== Work order ==
Everything in the data below is left aside except the lines from the one containing "nat -> I, and" through the one containing "Zorn's lemma and"; repeat those exactly.

== Data supplied ==
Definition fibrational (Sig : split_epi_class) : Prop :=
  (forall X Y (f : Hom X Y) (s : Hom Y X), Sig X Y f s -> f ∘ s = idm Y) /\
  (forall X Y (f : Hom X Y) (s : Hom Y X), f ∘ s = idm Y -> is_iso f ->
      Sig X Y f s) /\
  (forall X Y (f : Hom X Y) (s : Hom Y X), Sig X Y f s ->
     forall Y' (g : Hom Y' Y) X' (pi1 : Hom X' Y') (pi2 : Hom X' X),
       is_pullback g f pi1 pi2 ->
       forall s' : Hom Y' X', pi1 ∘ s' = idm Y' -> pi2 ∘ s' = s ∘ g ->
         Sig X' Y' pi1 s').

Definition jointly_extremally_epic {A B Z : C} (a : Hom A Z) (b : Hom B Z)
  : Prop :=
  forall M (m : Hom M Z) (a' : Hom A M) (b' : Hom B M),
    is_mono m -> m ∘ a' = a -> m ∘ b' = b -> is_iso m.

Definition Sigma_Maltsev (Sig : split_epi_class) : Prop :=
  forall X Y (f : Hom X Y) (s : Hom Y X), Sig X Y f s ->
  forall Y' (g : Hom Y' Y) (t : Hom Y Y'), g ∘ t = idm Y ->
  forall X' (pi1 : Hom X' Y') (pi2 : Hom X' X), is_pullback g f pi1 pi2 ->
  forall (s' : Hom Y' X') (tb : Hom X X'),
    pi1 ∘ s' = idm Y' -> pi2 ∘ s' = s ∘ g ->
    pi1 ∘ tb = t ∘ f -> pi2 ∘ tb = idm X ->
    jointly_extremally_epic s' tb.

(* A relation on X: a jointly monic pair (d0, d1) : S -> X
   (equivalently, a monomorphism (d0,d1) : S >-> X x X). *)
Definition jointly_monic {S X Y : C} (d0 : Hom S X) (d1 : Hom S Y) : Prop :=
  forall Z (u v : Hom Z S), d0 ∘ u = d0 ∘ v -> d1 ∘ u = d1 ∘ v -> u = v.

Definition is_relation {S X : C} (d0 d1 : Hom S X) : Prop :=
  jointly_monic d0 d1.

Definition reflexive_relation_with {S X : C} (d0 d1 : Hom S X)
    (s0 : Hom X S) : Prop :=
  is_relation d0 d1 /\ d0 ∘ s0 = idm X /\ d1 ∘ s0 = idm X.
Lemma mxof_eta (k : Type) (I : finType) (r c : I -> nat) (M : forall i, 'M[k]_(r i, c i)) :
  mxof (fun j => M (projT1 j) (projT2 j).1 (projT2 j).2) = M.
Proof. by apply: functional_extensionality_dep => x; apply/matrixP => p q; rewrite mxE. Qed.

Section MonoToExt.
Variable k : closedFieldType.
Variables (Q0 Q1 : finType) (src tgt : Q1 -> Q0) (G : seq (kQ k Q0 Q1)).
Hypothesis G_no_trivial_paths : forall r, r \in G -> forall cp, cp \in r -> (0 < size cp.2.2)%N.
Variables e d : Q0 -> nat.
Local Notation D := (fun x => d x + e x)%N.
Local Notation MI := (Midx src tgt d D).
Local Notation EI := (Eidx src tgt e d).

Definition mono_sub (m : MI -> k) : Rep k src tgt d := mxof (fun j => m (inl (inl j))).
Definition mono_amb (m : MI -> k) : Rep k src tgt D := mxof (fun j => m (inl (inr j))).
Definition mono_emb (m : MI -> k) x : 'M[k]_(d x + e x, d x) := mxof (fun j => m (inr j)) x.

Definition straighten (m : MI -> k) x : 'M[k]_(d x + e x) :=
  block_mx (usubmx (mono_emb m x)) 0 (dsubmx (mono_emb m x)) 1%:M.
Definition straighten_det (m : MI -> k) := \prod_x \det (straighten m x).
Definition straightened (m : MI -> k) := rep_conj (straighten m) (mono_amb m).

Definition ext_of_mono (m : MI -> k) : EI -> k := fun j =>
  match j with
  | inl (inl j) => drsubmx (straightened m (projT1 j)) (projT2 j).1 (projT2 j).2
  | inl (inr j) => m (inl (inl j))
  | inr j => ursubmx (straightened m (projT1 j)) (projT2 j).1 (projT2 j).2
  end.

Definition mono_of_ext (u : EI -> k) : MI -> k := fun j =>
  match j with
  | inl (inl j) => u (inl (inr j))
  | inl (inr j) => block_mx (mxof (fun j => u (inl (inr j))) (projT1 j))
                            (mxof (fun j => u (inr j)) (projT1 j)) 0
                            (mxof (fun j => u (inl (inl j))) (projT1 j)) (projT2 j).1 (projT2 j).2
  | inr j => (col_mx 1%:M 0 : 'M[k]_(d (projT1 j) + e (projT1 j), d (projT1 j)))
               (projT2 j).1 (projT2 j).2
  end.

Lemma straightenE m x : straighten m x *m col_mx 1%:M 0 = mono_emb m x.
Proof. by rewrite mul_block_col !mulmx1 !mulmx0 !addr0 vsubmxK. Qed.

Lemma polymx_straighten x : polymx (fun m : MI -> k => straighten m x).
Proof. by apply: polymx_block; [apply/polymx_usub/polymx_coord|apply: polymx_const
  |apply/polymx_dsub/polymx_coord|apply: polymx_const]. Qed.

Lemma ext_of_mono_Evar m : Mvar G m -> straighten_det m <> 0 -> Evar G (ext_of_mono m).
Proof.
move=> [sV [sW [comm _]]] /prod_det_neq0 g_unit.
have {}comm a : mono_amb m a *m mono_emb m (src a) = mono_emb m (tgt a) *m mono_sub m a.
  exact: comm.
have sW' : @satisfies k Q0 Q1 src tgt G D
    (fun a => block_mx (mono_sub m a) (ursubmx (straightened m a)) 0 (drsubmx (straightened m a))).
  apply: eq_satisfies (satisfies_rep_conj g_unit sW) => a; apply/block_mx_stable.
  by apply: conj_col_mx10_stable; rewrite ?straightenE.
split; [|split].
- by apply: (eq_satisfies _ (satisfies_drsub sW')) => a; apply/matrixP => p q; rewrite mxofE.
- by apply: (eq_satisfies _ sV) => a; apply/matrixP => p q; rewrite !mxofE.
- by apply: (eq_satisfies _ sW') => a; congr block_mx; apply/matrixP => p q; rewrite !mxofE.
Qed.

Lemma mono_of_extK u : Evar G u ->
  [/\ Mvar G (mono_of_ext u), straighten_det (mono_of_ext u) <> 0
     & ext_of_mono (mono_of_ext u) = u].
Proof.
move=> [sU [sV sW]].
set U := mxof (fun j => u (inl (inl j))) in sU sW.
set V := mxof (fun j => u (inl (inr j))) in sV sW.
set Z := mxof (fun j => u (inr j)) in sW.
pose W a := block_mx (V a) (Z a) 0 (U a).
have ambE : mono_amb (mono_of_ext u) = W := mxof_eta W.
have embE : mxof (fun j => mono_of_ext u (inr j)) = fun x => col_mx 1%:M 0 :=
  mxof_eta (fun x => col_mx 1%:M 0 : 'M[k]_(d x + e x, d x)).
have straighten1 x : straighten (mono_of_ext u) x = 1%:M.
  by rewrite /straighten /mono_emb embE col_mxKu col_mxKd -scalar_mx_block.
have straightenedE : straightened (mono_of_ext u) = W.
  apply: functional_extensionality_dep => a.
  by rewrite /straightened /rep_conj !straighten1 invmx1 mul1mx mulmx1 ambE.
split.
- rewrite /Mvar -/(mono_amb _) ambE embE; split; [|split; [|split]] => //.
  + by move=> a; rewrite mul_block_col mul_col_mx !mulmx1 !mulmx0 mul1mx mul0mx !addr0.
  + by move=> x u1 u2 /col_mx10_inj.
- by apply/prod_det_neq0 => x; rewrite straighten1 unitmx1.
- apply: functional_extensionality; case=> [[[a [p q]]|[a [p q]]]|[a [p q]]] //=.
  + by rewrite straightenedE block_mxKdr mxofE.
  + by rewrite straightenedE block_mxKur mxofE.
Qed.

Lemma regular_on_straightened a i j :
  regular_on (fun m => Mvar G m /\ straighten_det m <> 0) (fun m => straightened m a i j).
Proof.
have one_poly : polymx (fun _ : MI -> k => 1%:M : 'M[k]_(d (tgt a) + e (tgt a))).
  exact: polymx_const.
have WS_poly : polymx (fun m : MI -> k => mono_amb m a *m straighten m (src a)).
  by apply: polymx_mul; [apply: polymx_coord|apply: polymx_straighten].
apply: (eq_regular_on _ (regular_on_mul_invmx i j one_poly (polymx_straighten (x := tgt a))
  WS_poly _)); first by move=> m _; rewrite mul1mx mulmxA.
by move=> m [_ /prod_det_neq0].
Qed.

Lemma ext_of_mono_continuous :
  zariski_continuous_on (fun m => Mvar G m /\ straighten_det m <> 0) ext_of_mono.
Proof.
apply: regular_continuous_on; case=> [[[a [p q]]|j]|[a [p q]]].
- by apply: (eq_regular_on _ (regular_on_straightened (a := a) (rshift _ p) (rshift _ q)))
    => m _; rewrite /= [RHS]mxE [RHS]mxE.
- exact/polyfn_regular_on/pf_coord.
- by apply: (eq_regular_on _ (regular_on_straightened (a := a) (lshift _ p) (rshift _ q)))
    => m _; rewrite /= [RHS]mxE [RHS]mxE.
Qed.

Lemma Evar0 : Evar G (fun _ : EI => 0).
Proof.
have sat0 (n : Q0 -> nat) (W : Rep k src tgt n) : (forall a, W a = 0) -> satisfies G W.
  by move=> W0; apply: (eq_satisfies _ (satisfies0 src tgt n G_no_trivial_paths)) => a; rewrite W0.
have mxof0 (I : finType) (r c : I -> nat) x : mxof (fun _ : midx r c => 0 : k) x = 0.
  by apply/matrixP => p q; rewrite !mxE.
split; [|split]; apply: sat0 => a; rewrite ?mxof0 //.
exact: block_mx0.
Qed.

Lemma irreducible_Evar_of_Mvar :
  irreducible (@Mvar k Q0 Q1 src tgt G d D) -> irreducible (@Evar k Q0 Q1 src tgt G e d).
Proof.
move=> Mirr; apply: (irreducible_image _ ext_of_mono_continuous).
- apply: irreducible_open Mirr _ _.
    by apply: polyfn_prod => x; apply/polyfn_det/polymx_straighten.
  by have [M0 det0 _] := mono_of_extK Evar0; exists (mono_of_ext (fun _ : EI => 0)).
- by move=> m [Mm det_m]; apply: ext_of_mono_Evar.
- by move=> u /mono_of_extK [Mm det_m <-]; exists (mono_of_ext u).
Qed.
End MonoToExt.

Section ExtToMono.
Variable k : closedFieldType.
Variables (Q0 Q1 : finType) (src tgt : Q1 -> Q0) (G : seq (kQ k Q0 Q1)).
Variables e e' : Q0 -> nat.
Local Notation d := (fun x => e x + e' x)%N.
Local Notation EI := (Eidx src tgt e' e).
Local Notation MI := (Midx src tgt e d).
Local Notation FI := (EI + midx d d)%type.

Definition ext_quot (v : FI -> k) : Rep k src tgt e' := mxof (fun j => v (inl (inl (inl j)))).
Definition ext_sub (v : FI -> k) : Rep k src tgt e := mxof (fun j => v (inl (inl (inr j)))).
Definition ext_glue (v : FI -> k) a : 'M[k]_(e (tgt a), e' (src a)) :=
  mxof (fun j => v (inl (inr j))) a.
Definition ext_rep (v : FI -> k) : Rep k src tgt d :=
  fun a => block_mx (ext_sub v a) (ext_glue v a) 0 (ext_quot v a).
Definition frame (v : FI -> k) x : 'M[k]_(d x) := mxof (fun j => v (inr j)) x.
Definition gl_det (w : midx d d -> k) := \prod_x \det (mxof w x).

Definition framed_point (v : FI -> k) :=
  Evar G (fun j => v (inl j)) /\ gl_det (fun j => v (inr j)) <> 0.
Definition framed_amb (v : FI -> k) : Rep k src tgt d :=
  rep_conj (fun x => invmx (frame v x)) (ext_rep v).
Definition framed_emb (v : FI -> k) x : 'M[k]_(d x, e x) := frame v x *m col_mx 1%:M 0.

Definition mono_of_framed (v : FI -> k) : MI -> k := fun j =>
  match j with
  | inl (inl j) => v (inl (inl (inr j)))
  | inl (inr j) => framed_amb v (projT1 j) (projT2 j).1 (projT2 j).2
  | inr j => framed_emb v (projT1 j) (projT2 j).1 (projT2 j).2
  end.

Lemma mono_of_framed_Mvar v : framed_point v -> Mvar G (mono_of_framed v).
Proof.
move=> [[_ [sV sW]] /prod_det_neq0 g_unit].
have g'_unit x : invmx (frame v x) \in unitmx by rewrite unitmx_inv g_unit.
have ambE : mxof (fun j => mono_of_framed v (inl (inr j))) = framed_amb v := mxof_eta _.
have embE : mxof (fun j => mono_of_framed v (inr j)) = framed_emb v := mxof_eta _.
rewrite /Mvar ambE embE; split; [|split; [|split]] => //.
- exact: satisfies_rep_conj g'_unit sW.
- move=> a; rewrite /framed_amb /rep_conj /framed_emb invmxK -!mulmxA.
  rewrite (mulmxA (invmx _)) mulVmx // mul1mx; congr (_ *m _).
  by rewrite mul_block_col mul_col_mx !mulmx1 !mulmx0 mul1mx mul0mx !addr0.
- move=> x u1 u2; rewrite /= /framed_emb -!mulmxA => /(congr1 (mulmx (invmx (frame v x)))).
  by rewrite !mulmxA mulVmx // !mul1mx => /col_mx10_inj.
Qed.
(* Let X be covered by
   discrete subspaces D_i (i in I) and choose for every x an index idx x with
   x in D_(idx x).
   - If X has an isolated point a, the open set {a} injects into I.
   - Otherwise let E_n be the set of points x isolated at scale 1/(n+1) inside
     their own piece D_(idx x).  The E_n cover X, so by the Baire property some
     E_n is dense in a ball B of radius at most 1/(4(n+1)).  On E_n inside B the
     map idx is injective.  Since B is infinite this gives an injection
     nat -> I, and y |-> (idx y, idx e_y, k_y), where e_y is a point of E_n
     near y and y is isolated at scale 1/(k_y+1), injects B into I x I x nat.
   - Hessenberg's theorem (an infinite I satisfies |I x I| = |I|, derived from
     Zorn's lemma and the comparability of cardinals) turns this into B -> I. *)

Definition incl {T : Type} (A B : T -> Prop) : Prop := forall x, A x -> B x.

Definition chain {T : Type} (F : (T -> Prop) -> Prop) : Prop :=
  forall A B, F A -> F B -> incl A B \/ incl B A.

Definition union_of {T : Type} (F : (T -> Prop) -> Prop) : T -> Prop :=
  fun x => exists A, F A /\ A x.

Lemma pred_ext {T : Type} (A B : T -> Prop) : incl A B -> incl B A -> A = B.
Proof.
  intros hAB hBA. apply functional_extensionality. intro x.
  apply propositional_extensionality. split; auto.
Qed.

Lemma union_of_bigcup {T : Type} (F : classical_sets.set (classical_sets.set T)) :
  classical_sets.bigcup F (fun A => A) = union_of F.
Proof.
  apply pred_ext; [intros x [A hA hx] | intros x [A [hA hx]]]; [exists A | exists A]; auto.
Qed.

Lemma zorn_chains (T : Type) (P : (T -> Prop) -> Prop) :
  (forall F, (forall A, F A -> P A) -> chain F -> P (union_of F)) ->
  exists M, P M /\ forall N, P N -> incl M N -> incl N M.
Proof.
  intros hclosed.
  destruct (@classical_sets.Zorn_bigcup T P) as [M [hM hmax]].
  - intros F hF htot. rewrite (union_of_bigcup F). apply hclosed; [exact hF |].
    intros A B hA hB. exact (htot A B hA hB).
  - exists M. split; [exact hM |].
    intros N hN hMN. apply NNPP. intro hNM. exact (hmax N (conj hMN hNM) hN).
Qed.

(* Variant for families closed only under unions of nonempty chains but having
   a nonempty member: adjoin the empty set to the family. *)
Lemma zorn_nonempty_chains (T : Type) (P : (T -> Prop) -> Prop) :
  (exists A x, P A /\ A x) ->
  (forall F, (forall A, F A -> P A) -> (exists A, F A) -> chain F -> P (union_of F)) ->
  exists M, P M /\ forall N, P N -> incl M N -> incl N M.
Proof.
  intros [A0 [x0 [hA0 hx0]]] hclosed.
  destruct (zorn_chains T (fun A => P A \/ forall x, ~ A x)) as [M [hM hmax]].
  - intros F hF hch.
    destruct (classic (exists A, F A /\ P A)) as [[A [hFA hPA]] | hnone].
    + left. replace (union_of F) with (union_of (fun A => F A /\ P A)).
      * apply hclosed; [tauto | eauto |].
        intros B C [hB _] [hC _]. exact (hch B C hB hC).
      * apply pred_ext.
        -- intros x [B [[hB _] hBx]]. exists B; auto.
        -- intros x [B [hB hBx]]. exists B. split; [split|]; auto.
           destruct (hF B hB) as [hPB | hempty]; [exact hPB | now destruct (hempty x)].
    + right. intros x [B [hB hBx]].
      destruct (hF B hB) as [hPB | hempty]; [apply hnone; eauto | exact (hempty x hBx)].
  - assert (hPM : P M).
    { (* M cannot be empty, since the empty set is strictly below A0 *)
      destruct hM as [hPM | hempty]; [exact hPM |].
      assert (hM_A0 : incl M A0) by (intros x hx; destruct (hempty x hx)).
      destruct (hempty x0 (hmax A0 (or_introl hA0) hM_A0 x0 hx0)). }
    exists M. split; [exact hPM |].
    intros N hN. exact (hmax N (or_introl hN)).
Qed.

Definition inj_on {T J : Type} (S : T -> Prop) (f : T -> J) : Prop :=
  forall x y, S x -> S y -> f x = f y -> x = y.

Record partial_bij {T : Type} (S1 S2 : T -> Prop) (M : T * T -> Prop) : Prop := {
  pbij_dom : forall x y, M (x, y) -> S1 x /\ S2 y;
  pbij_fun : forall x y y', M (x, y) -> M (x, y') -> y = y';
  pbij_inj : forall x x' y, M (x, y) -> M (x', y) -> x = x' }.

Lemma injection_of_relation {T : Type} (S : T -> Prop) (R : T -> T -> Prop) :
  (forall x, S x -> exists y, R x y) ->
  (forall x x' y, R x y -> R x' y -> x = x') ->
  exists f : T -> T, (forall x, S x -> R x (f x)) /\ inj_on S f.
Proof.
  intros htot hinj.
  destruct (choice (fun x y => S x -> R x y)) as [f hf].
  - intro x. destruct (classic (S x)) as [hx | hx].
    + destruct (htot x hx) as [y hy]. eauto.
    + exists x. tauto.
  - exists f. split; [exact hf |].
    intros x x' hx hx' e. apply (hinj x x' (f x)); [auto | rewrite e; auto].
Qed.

== Result ==
     nat -> I, and y |-> (idx y, idx e_y, k_y), where e_y is a point of E_n
     near y and y is isolated at scale 1/(k_y+1), injects B into I x I x nat.
   - Hessenberg's theorem (an infinite I satisfies |I x I| = |I|, derived from
     Zorn's lemma and the comparability of cardinals) turns this into B -> I. *)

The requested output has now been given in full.